**TASK STATEMENT:**
Beneath this instruction is a block of data; output from it exactly the lines that run from the one containing "elim: i r =>" through the one containing "Lemma count_odds_evens (p", inclusive.

*** GIVEN RECORDS Section Begins ***

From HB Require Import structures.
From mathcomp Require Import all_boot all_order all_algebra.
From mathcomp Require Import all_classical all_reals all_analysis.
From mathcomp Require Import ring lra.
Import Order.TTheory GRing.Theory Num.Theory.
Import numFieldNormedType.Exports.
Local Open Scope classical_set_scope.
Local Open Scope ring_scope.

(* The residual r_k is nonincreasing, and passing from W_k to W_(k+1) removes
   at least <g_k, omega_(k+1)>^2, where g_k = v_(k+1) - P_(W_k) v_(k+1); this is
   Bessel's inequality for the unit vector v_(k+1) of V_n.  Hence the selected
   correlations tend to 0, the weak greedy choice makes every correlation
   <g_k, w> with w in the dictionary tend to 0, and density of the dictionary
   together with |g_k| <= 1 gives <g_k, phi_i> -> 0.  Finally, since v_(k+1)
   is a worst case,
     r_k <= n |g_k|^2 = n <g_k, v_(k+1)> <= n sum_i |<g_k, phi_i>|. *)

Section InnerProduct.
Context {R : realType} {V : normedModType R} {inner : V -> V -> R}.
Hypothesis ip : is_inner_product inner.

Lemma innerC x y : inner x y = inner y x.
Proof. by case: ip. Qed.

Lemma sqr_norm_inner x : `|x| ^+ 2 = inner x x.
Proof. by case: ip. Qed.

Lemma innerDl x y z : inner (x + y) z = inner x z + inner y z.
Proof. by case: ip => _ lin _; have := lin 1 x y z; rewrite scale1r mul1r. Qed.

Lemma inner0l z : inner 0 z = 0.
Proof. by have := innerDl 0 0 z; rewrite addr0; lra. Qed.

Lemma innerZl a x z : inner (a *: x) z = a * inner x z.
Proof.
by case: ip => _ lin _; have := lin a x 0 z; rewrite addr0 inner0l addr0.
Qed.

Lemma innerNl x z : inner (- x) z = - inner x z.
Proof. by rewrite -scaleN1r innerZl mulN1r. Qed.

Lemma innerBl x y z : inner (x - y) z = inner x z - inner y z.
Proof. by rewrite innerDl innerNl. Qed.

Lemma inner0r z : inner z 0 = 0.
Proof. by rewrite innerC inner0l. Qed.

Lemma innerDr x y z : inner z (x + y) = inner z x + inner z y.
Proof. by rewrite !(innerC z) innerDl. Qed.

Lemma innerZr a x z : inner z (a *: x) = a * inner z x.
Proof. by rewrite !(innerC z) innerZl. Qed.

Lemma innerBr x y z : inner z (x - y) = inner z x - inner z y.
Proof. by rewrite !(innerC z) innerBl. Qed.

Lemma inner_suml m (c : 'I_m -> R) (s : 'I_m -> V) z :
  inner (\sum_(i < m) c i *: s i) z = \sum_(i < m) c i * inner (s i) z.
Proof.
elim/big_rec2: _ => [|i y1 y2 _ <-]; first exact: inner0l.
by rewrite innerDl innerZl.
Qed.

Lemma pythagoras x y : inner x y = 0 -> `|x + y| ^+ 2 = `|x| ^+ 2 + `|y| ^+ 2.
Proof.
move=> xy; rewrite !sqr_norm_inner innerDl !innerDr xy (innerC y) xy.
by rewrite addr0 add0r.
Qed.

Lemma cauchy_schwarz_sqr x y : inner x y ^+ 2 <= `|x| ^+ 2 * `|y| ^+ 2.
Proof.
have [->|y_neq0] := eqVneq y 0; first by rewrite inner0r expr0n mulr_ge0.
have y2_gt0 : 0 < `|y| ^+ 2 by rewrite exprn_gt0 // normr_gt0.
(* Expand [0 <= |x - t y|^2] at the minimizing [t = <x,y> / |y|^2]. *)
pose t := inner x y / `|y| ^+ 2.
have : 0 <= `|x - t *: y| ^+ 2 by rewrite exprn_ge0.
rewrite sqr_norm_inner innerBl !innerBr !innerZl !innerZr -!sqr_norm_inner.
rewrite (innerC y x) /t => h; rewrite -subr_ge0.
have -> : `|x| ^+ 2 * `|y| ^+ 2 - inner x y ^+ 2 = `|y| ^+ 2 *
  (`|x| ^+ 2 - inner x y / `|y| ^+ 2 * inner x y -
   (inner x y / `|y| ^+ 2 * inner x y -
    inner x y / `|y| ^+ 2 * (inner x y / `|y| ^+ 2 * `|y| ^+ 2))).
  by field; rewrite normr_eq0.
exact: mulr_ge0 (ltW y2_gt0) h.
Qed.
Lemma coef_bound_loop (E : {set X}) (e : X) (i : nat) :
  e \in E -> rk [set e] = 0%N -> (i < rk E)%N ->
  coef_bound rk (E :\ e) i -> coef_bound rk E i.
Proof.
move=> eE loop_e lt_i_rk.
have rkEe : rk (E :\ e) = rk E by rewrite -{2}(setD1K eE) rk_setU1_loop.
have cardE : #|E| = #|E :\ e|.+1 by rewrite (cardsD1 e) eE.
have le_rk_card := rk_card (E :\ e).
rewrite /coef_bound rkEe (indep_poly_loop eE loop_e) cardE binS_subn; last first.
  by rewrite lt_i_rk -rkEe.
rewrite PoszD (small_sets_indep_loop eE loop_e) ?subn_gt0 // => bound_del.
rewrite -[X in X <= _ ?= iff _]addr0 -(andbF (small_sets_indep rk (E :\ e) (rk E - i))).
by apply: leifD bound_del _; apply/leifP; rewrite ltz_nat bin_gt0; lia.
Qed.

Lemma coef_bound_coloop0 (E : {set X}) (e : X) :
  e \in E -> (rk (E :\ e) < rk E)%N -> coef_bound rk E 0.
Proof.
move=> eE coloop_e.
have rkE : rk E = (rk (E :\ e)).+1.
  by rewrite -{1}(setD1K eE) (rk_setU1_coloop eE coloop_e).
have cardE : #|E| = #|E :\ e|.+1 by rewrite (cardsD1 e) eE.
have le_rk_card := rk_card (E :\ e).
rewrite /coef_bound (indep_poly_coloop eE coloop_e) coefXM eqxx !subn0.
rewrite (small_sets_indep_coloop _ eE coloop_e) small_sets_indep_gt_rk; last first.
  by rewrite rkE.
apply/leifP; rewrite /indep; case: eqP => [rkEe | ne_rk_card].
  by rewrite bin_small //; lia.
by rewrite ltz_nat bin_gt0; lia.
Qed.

*** GIVEN RECORDS Section Ends ***
*** GIVEN RECORDS Section Begins ***

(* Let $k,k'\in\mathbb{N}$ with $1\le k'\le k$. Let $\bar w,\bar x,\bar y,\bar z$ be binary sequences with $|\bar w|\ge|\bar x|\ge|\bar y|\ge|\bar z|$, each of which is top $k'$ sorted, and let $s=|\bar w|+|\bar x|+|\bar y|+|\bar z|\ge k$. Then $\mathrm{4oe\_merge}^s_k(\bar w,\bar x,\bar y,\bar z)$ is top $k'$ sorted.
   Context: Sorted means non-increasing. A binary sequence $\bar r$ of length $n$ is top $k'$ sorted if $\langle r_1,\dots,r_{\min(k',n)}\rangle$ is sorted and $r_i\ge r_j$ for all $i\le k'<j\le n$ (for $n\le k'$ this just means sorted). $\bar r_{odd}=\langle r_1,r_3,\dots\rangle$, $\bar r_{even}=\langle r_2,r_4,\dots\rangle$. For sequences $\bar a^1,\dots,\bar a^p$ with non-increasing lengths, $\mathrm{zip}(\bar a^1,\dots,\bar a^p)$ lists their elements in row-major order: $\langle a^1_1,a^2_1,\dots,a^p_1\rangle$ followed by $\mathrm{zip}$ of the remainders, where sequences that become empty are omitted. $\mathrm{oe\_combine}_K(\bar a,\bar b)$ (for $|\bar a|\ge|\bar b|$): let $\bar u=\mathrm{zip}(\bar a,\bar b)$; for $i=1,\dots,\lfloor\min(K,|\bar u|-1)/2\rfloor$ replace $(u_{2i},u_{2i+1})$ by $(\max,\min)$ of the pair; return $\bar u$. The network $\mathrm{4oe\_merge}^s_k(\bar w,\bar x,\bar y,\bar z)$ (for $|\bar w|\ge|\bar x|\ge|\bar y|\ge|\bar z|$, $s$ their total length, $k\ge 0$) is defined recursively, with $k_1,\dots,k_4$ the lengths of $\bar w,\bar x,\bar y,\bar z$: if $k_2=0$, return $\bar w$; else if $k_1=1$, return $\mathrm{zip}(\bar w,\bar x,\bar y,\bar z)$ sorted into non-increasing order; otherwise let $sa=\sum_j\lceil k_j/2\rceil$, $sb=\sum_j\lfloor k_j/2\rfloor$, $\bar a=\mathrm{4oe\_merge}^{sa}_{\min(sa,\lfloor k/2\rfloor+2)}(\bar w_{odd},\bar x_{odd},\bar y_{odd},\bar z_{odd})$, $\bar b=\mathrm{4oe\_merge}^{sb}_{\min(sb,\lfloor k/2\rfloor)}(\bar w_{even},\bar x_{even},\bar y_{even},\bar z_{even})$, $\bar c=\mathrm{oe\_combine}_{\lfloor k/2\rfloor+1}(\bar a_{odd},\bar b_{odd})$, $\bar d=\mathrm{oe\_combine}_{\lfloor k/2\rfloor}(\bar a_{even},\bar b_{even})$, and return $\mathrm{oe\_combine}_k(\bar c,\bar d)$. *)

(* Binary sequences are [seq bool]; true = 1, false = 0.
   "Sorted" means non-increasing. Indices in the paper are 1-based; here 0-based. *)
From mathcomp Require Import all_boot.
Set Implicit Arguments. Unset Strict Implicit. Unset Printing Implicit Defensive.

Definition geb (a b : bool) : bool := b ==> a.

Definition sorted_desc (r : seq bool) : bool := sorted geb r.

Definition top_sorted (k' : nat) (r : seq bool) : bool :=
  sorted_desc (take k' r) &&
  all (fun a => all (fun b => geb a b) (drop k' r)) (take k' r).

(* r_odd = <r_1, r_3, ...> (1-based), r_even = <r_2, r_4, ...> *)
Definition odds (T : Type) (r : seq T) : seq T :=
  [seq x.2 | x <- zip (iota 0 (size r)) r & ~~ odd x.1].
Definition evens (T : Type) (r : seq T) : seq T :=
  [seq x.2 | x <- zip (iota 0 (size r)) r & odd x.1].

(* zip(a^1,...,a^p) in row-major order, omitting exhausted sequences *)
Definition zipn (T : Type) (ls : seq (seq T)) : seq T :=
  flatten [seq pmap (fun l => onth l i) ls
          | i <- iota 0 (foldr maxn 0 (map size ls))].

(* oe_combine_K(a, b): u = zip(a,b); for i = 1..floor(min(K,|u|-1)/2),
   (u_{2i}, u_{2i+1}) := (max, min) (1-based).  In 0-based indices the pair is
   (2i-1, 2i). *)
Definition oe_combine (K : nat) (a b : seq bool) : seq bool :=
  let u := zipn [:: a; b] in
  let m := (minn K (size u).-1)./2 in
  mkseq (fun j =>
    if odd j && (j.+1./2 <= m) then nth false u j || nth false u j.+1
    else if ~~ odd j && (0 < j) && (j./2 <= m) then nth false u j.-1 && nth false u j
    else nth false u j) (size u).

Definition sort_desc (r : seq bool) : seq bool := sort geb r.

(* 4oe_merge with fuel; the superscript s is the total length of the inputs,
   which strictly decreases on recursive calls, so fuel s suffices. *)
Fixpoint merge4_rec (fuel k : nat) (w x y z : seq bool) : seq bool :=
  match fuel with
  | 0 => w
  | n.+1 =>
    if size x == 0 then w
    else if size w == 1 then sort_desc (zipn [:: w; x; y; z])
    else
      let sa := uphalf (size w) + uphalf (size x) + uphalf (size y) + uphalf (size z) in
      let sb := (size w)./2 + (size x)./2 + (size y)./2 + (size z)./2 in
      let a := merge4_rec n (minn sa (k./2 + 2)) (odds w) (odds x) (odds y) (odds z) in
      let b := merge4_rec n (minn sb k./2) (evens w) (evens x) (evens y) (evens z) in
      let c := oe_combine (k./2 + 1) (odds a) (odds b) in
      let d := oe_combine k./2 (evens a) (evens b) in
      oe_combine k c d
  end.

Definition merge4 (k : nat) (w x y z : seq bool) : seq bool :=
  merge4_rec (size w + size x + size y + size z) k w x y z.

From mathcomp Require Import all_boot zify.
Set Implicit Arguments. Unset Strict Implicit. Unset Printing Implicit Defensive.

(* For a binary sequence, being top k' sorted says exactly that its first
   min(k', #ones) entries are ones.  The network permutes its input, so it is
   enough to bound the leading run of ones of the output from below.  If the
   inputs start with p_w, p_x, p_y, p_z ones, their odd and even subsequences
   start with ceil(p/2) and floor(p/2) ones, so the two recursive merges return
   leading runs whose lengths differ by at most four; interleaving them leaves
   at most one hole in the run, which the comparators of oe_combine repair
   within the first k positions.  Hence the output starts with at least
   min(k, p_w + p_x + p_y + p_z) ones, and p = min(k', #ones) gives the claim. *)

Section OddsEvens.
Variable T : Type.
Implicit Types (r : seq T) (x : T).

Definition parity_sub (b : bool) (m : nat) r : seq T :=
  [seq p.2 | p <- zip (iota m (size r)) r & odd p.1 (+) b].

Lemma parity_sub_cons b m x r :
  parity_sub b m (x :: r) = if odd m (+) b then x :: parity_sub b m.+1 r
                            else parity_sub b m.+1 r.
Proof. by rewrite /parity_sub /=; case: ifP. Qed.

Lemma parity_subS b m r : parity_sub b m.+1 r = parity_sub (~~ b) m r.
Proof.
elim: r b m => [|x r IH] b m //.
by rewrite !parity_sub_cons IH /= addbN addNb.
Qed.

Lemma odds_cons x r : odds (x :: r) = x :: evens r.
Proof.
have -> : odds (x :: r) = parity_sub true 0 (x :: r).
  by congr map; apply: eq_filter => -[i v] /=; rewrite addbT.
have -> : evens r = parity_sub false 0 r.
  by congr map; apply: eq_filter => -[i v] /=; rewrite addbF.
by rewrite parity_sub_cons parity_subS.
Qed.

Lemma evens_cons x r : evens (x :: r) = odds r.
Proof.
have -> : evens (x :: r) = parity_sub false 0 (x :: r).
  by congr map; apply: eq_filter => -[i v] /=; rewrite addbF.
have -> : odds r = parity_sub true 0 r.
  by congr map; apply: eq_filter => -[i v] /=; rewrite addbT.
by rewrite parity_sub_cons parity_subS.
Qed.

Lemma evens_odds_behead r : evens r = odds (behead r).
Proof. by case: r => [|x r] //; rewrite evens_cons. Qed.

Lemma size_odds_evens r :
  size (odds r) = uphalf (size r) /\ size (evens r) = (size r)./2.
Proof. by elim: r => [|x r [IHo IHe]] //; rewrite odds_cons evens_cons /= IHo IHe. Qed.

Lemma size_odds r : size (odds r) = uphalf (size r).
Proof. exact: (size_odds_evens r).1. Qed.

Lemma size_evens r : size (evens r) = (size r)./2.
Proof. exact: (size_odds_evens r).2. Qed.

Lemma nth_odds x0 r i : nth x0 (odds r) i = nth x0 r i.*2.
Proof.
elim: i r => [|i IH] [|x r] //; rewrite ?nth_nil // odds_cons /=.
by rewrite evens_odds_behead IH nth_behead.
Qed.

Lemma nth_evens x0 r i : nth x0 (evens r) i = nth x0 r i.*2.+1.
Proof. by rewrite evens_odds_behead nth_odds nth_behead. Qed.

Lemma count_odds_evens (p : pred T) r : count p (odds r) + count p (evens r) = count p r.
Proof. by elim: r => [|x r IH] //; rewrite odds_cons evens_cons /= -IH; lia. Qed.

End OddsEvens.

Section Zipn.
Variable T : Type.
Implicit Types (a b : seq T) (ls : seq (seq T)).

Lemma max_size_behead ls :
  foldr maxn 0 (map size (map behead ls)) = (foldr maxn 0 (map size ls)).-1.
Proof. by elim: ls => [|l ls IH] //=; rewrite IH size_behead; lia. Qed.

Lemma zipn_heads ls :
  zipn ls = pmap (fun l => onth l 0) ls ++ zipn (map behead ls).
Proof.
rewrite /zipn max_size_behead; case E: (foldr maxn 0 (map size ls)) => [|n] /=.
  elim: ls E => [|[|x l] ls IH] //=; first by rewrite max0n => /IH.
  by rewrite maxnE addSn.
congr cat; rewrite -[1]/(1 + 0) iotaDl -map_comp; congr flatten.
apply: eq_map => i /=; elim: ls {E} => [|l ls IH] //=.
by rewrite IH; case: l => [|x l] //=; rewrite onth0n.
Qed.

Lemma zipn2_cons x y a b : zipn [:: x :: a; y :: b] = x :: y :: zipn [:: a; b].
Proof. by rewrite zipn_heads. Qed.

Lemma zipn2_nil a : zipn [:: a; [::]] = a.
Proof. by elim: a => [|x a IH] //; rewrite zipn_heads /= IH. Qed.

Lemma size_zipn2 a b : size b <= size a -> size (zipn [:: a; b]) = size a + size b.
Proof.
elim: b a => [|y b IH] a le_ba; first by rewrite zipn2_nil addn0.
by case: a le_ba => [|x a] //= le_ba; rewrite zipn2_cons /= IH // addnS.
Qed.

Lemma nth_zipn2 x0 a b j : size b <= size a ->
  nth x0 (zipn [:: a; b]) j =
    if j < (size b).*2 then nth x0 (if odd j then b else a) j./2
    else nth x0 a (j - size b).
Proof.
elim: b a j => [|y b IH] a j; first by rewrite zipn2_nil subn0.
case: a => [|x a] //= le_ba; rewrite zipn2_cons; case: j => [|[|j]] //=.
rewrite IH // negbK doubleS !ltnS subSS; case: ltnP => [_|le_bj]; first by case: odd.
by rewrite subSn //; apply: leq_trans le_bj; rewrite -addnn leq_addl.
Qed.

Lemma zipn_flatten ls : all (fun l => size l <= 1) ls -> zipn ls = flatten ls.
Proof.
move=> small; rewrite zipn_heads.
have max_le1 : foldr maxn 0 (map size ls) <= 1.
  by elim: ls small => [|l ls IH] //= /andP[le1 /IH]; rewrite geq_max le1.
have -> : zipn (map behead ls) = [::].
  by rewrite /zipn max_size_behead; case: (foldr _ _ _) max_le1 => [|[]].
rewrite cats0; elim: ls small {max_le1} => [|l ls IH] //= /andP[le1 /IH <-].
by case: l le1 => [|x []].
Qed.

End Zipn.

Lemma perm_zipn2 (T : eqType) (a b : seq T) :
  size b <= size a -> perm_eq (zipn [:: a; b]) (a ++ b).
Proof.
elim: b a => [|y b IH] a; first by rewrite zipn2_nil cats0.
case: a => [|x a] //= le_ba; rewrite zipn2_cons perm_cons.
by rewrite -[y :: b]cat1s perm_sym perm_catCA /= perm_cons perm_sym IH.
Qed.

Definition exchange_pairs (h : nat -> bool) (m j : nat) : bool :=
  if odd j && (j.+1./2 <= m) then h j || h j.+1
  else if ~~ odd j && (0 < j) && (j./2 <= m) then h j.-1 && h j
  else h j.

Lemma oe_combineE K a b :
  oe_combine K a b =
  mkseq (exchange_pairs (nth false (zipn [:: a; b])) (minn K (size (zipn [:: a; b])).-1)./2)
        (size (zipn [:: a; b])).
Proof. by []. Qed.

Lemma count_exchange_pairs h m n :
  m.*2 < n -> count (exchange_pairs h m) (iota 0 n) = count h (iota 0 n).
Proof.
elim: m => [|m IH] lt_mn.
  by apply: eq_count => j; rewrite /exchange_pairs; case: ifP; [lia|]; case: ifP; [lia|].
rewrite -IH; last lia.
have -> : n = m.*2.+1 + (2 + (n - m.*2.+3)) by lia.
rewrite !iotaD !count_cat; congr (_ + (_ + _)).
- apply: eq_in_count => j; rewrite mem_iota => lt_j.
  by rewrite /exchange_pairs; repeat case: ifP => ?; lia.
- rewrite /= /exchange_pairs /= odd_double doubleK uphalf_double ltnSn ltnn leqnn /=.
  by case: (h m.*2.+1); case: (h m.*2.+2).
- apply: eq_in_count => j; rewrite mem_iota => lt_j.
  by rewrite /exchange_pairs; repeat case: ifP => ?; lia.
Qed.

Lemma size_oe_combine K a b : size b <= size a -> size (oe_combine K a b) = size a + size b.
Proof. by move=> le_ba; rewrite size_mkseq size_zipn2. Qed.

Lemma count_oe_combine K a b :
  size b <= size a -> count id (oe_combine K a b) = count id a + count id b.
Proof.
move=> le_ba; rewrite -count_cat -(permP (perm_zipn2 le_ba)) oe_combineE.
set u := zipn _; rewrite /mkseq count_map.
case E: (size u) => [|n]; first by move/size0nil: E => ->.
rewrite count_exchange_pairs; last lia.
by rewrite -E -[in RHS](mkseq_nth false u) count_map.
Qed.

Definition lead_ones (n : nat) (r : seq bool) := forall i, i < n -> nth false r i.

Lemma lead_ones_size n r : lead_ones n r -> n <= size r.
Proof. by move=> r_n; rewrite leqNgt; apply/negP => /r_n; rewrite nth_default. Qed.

*** GIVEN RECORDS Section Ends ***

**COMPLETED EXERCISE:**
elim: i r => [|i IH] [|x r] //; rewrite ?nth_nil // odds_cons /=.
by rewrite evens_odds_behead IH nth_behead.
Qed.

Lemma nth_evens x0 r i : nth x0 (evens r) i = nth x0 r i.*2.+1.
Proof. by rewrite evens_odds_behead nth_odds nth_behead. Qed.

Lemma count_odds_evens (p : pred T) r : count p (odds r) + count p (evens r) = count p r.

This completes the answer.